**** Task inputs ****

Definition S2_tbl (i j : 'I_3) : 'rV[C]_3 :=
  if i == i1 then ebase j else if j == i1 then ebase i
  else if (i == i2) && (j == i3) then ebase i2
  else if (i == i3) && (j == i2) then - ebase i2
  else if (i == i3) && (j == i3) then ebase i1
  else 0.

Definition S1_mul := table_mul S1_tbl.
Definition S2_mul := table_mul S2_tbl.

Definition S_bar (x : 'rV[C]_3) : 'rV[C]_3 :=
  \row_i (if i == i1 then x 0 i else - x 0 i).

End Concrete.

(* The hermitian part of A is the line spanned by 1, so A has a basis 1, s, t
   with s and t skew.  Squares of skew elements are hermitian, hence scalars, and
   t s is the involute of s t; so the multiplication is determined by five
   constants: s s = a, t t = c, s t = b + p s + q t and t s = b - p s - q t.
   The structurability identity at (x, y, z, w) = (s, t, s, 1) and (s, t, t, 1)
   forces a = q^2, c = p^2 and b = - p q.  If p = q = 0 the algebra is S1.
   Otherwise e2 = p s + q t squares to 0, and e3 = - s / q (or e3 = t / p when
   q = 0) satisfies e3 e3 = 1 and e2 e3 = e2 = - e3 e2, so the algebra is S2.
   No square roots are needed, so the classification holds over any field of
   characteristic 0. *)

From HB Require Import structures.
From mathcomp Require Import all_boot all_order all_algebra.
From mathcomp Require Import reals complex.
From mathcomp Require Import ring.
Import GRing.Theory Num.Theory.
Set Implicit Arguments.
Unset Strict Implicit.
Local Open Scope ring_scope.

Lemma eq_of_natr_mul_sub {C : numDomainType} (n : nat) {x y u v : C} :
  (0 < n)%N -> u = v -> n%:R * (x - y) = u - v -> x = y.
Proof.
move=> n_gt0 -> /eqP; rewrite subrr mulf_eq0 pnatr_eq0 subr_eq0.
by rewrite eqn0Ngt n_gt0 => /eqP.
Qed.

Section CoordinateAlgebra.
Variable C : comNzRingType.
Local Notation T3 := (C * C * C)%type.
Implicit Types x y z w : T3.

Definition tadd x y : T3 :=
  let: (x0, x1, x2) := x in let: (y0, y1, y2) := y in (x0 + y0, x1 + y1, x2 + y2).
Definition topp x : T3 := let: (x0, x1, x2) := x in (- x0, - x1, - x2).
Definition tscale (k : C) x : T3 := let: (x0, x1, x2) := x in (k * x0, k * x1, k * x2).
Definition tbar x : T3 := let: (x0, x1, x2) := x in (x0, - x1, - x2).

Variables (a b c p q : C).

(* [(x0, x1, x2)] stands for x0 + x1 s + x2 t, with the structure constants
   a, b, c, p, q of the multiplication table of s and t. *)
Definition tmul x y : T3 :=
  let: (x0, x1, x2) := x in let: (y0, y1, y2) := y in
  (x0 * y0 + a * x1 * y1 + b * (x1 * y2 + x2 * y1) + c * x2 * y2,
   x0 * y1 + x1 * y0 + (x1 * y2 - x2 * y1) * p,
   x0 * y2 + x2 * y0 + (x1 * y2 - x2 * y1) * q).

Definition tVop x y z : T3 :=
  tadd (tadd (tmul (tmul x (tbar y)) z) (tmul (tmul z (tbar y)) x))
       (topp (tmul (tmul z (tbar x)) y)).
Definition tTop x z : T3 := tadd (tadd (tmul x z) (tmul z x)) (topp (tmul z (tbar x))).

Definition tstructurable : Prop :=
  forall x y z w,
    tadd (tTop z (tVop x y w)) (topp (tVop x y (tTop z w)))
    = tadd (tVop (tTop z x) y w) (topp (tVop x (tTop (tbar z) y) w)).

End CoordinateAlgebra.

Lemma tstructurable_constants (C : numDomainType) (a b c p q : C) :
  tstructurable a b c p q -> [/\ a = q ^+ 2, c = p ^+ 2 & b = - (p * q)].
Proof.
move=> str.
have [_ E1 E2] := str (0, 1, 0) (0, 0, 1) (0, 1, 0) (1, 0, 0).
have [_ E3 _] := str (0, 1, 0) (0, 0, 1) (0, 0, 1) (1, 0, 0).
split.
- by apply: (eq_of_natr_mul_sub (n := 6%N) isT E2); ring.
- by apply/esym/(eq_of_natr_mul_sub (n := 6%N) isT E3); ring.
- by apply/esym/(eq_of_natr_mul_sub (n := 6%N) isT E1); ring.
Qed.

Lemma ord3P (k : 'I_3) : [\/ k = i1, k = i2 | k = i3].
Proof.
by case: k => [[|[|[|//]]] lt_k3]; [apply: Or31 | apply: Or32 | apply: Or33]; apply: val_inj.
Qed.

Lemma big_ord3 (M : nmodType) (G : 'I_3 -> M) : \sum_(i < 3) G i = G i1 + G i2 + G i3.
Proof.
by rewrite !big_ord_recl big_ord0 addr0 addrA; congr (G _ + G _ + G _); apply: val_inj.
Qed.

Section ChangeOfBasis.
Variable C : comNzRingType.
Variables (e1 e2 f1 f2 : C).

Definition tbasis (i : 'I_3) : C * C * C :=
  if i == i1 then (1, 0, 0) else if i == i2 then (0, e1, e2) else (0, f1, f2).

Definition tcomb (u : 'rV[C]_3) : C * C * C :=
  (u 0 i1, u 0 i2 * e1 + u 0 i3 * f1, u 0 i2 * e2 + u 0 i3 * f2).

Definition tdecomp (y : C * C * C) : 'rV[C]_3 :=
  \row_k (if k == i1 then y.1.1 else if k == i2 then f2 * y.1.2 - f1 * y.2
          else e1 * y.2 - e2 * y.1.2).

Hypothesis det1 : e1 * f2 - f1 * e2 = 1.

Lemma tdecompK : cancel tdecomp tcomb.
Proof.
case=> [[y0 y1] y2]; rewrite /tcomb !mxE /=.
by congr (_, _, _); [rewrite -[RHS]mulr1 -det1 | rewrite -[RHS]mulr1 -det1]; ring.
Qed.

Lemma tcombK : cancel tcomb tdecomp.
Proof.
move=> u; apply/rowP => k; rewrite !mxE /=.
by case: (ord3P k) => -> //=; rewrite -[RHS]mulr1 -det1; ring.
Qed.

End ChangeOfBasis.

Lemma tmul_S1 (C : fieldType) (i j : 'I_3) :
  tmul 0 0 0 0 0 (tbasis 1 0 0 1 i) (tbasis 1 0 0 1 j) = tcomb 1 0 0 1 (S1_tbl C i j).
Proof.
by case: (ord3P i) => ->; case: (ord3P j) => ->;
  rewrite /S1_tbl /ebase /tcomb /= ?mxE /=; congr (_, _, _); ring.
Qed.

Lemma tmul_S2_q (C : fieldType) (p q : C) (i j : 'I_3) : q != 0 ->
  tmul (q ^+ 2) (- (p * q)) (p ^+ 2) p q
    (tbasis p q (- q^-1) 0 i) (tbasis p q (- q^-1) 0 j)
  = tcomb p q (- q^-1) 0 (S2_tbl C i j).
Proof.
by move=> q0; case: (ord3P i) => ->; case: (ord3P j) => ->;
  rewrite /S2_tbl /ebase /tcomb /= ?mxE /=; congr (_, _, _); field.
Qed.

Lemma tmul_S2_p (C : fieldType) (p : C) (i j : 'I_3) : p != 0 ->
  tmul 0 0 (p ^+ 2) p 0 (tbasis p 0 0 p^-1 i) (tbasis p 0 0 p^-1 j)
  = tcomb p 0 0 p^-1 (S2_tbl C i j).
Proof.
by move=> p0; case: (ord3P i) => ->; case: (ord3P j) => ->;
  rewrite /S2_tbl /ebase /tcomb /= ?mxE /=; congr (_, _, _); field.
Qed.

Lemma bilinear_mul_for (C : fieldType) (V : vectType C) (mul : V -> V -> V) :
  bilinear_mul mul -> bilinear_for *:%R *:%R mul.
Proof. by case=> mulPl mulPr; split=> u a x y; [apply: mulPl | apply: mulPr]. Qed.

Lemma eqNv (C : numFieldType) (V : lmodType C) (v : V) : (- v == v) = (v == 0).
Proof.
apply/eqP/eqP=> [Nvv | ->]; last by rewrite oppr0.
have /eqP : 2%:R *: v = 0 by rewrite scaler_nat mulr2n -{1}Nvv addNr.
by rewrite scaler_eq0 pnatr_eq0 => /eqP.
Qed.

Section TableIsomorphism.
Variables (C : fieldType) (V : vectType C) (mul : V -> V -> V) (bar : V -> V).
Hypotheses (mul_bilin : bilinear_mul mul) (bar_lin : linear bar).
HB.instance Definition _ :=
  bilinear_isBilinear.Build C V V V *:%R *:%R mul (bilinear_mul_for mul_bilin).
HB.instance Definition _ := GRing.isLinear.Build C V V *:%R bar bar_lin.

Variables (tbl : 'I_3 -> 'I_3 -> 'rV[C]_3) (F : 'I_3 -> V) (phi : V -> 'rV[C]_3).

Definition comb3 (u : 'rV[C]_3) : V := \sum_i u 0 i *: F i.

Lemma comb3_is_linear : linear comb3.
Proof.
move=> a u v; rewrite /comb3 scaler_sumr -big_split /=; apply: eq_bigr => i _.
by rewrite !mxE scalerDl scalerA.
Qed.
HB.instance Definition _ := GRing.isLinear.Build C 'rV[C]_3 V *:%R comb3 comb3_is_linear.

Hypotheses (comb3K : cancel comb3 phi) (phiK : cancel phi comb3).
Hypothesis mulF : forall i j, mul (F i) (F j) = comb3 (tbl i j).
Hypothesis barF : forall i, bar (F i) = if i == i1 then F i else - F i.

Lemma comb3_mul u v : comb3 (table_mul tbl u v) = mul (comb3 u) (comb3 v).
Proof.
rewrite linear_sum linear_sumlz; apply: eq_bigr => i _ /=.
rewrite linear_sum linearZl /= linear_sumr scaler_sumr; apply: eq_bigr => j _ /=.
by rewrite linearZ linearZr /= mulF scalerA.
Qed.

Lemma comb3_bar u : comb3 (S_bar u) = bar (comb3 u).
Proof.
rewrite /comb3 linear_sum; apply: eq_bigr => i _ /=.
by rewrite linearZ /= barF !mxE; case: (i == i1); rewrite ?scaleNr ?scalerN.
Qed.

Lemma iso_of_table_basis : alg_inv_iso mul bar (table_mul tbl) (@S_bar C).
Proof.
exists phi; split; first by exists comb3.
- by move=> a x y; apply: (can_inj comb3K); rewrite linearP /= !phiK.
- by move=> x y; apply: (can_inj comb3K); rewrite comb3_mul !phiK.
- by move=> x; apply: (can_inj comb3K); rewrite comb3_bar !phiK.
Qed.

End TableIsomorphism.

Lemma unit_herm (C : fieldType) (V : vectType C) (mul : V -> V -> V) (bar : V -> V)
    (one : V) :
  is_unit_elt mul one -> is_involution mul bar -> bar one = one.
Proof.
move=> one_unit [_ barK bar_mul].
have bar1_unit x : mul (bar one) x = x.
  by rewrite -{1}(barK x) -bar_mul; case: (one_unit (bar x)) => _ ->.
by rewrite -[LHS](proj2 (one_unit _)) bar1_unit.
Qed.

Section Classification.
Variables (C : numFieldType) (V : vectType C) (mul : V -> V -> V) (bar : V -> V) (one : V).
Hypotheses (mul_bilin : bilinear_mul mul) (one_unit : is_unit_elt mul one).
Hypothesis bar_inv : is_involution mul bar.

****
**** Task inputs ****

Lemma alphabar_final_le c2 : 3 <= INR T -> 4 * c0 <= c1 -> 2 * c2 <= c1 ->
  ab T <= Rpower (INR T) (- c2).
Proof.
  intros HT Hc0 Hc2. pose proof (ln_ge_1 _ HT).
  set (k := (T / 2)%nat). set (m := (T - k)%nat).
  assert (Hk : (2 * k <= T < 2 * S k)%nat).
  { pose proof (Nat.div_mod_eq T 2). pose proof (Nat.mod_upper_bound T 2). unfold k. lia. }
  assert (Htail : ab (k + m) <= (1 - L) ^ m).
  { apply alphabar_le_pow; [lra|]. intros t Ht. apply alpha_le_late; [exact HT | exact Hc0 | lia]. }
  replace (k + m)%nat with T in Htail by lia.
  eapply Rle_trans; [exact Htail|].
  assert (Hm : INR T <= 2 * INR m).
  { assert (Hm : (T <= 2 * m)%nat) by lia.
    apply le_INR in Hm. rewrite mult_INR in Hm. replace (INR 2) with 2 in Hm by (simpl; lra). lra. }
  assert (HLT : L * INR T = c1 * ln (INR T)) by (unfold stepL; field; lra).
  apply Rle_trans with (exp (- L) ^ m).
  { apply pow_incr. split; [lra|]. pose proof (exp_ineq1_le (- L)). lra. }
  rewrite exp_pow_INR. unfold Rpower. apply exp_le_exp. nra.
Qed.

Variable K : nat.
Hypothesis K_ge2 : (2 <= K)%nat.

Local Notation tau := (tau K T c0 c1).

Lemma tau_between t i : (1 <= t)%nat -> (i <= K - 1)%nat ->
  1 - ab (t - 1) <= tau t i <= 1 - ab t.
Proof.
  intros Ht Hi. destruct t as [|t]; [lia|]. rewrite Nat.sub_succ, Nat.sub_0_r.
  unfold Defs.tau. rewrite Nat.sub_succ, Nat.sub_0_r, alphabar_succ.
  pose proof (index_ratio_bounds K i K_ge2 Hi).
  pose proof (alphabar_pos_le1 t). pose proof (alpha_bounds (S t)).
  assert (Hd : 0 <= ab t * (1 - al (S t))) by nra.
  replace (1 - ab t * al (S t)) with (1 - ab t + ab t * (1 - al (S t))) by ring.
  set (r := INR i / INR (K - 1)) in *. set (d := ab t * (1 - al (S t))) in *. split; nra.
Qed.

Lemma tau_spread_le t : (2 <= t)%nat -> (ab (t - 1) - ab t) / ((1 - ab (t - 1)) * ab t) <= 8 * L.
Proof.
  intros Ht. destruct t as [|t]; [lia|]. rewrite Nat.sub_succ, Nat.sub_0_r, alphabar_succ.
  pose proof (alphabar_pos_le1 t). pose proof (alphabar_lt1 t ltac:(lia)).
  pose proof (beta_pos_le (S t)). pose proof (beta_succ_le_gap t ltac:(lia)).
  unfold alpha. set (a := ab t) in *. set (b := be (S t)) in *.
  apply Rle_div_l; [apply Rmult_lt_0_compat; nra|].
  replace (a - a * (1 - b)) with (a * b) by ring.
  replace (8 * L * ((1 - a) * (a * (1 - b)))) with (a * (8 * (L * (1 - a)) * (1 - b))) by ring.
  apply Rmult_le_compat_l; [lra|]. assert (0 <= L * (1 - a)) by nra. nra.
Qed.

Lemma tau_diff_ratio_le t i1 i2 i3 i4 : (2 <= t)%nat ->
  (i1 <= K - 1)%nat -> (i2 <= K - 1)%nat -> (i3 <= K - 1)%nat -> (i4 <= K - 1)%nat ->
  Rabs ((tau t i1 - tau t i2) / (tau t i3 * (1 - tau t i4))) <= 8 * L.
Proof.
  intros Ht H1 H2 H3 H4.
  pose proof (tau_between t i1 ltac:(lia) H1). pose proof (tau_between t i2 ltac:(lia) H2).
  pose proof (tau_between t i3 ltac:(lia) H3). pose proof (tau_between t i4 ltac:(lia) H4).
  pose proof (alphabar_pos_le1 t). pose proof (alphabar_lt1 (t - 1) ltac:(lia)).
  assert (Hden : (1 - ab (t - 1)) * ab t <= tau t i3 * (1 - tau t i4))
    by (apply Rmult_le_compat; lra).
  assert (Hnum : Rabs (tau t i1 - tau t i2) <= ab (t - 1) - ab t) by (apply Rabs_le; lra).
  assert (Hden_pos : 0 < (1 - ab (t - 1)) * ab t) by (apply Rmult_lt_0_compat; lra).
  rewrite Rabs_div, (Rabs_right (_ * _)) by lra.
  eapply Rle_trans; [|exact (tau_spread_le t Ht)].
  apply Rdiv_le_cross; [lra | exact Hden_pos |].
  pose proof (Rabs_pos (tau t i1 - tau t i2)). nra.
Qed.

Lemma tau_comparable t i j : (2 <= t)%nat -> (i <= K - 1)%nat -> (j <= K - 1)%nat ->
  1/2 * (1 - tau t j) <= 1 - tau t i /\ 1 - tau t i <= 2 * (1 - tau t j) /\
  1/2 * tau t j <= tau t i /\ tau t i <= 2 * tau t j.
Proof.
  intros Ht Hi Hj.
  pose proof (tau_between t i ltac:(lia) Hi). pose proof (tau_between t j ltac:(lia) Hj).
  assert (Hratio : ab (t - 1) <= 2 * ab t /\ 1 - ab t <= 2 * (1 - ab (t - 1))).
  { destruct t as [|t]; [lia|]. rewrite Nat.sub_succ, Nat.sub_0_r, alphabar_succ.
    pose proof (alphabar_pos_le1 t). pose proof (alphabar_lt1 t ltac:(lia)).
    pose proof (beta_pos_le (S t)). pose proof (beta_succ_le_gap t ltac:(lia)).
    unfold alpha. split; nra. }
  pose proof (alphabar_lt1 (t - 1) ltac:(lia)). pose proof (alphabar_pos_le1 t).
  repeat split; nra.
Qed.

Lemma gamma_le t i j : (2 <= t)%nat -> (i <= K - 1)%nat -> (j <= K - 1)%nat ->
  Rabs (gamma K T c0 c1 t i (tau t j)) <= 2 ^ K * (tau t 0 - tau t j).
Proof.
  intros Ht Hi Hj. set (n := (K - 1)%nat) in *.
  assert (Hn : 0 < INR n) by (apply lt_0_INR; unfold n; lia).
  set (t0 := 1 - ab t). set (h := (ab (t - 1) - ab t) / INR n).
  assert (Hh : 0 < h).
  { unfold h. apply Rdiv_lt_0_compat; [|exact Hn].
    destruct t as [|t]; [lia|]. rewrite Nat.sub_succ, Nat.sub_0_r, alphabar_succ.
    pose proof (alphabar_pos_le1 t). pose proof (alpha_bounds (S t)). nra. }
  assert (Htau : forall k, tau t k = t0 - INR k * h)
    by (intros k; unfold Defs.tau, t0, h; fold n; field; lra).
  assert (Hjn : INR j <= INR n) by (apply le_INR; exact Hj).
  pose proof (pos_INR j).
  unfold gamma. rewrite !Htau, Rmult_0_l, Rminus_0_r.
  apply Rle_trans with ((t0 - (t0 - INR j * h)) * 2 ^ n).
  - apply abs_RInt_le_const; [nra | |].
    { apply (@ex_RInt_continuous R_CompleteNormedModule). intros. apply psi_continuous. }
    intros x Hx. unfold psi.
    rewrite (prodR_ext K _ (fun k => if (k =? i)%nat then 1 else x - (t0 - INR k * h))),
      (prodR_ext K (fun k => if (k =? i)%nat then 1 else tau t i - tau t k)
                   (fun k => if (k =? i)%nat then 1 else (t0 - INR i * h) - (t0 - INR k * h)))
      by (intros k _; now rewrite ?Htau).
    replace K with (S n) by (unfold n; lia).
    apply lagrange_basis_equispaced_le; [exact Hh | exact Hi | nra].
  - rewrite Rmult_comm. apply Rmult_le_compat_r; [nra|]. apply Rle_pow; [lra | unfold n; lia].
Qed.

****

__Exercise directions__
Reproduce each line of the records in which the string "GRing" appears.

__Output__
Import GRing.Theory Num.Theory.
HB.instance Definition _ := GRing.isLinear.Build C V V *:%R bar bar_lin.
HB.instance Definition _ := GRing.isLinear.Build C 'rV[C]_3 V *:%R comb3 comb3_is_linear.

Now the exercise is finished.